**ACTIVITY**
When a line in the records contains the string "Lemma", copy that line.

[Stored items]
......

Context {xstar : 'rV[R]_n} {a q : R}.
Hypotheses (a_ge0 : 0 <= a) (q_ge0 : 0 <= q).
Hypothesis x_rate : forall k, (0 < k)%N -> sqnorm2 (x k - xstar) <= a * k%:R `^ (- q).

Lemma avg_FW_displacement k m : (0 < k)%N ->
  sqnorm2 (x (k + m) - x k) <= 4 * a * k%:R `^ (- q).
Proof.
move=> k_gt0; rewrite (_ : _ - _ = (x (k + m) - xstar) + - (x k - xstar)); last first.
  by rewrite opprB addrA subrK.
apply: (le_trans (sqnorm2_leD _ _)); rewrite sqnorm2N.
have : (k + m)%:R `^ (- q) <= k%:R `^ (- q) :> R.
  by rewrite powRN_antitone // ltr0n k_gt0 ler_nat leq_addr.
have := x_rate _ k_gt0; have := x_rate _ (ltn_addr m k_gt0).
have := a_ge0; nra.
Qed.

Lemma avg_FW_direction_cases k : (0 < k)%N ->
  [\/ sqnorm2 (d k) <= 4 * L * k%:R `^ (- (2 * p)),
      sqnorm2 (d k) ^+ 2 <= 256 * L * a * ((c + 2) / c) ^+ 2 *
        (k%:R ^+ 2 * k%:R `^ (- (2 * p)) * k%:R `^ (- q)) |
      sqnorm2 (d k) <= 16 * a * ((c + 2) / c) ^+ 2 * k%:R `^ (- q)].
Proof.
move=> k_gt0; have k0 : 0 < k%:R :> R by rewrite ltr0n.
set g := c / ((c + 2) * k%:R); set A := sqnorm2 (d k).
have g_gt0 : 0 < g by rewrite divr_gt0 ?mulr_gt0 ?addr_gt0.
have delta_gt0 : 0 < L * k%:R `^ (- (2 * p)) by rewrite mulr_gt0 ?powR_gt0 ?L_gt0.
have g_le i m : (i < m)%N -> (m <= k)%N -> g <= gamma_k c (k + i).
  move=> im mk; apply: gamma_k_ge => //.
  by rewrite mul2n -addnn leq_add2l (leq_trans (ltnW im)).
have block m : (0 < m)%N -> (m <= k)%N ->
    4 * m%:R ^+ 2 * (L * k%:R `^ (- (2 * p))) <= A ->
    A * (m%:R * g) ^+ 2 <= 4 * (4 * a * k%:R `^ (- q)).
  move=> m_gt0 mk; apply: (sqnorm2_direction_le avg_FW_x_step) => //.
  - by move=> j kj; apply: avg_FW_direction_increment; rewrite k_gt0.
  - by move=> i im; apply: (g_le i m).
  - exact: avg_FW_displacement.
have [h|h|h] := block_length_trichotomy (sqnorm2_ge0 (d k)) delta_gt0 k_gt0 block.
- by constructor 1; rewrite -mulrA.
- constructor 2; rewrite -/A in h *.
  have -> : A ^+ 2 = A ^+ 2 * g ^+ 2 * ((c + 2) * k%:R / c) ^+ 2.
    by rewrite /g; field; rewrite !gt_eqF ?addr_gt0.
  apply: (le_trans (ler_wpM2r (sqr_ge0 _) h)); rewrite le_eqVlt; apply/orP; left.
  by apply/eqP; field; rewrite gt_eqF.
- constructor 3; rewrite -/A in h *.
  have -> : A = A * (k%:R * g) ^+ 2 * ((c + 2) / c) ^+ 2.
    by rewrite /g; field; rewrite !gt_eqF ?addr_gt0.
  apply: (le_trans (ler_wpM2r (sqr_ge0 _) h)); rewrite le_eqVlt; apply/orP; left.
  by apply/eqP; field; rewrite gt_eqF.
Qed.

......

**TASK RESPONSE**
Lemma avg_FW_displacement k m : (0 < k)%N ->
Lemma avg_FW_direction_cases k : (0 < k)%N ->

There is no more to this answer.